Material to process:

Lemma prod_dil_phi_eq_upto N :
  eq_upto N (\prod_(k < N.+1) dil (2 ^ k.+1) phi ^+ (2 ^ k)) (fk 4 / fk 2 ^+ 2).
Proof.
have fk_big k m : (N <= k)%N -> eq_upto N (fk (2 ^ k) ^+ m) 1.
  move=> le_Nk; rewrite -(expr1n _ m); apply/eq_uptoX/eq_upto_fk1.
  by apply: leq_trans (ltn_expl N (ltnSn 1)) _; rewrite leq_exp2l.
have U : fk 2 ^+ 2 * fk (2 ^ N.+3) ^+ (2 ^ N.+1) \is a GRing.unit.
  by rewrite unitrM !unitrX ?fk_unit ?expn_gt0.
rewrite -[X in eq_upto _ X](mulrK U) mulrA prod_dil_phi.
apply: (@eq_upto_trans _ _ (fk 4 * 1 / (fk 2 ^+ 2 * 1))); last by rewrite !mulr1.
apply: eq_uptoM; first by apply: eq_uptoM => //; apply: fk_big; lia.
by apply: eq_uptoV => //; apply: eq_uptoM => //; apply: fk_big; lia.
Qed.

Lemma phi0 : phi 0%N = 1.
Proof. by rewrite /phi big_ord1. Qed.

Lemma dil_phi_eq_upto1 i n : (n < i)%N -> eq_upto n (dil (2 ^ i) phi) 1.
Proof.
move=> lt_ni k le_kn; rewrite /dil ps1E; have [->|k_gt0] := posnP k.
  by rewrite dvdn0 div0n phi0.
have lt_k2i : (k < 2 ^ i)%N.
  by apply: leq_ltn_trans le_kn (ltn_trans lt_ni (ltn_expl i (ltnSn 1))).
rewrite ifF //; apply/negbTE; apply: contraTN lt_k2i => /dvdn_leq.
by rewrite -leqNgt; apply.
Qed.

Lemma Fbar_fk c : (2 <= c)%N ->
  Fbar c = fk 4 ^+ (c - 1) / (fk 1 ^+ 2 * fk 2 ^+ (2 * c - 3)).
Proof.
move=> c_ge2; rewrite /Fbar.
have -> : 2 * (c : int) - 3 = Posz (2 * c - 3) by lia.
rewrite [psexpz _ _]/= !psexpE psmul_mulr psinvE // ps_coef0M !ps_coef0X !fk_coef0 //.
by rewrite !expr1n mulr1.
Qed.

Exercise: Reproduce the lines from the one containing "Lemma phi0 : phi 0%N = 1." to the end of the entries, keeping both ends and adding nothing.

Output of the task:
Lemma phi0 : phi 0%N = 1.
Proof. by rewrite /phi big_ord1. Qed.

Lemma dil_phi_eq_upto1 i n : (n < i)%N -> eq_upto n (dil (2 ^ i) phi) 1.
Proof.
move=> lt_ni k le_kn; rewrite /dil ps1E; have [->|k_gt0] := posnP k.
  by rewrite dvdn0 div0n phi0.
have lt_k2i : (k < 2 ^ i)%N.
  by apply: leq_ltn_trans le_kn (ltn_trans lt_ni (ltn_expl i (ltnSn 1))).
rewrite ifF //; apply/negbTE; apply: contraTN lt_k2i => /dvdn_leq.
by rewrite -leqNgt; apply.
Qed.

Lemma Fbar_fk c : (2 <= c)%N ->
  Fbar c = fk 4 ^+ (c - 1) / (fk 1 ^+ 2 * fk 2 ^+ (2 * c - 3)).
Proof.
move=> c_ge2; rewrite /Fbar.
have -> : 2 * (c : int) - 3 = Posz (2 * c - 3) by lia.
rewrite [psexpz _ _]/= !psexpE psmul_mulr psinvE // ps_coef0M !ps_coef0X !fk_coef0 //.
by rewrite !expr1n mulr1.
Qed.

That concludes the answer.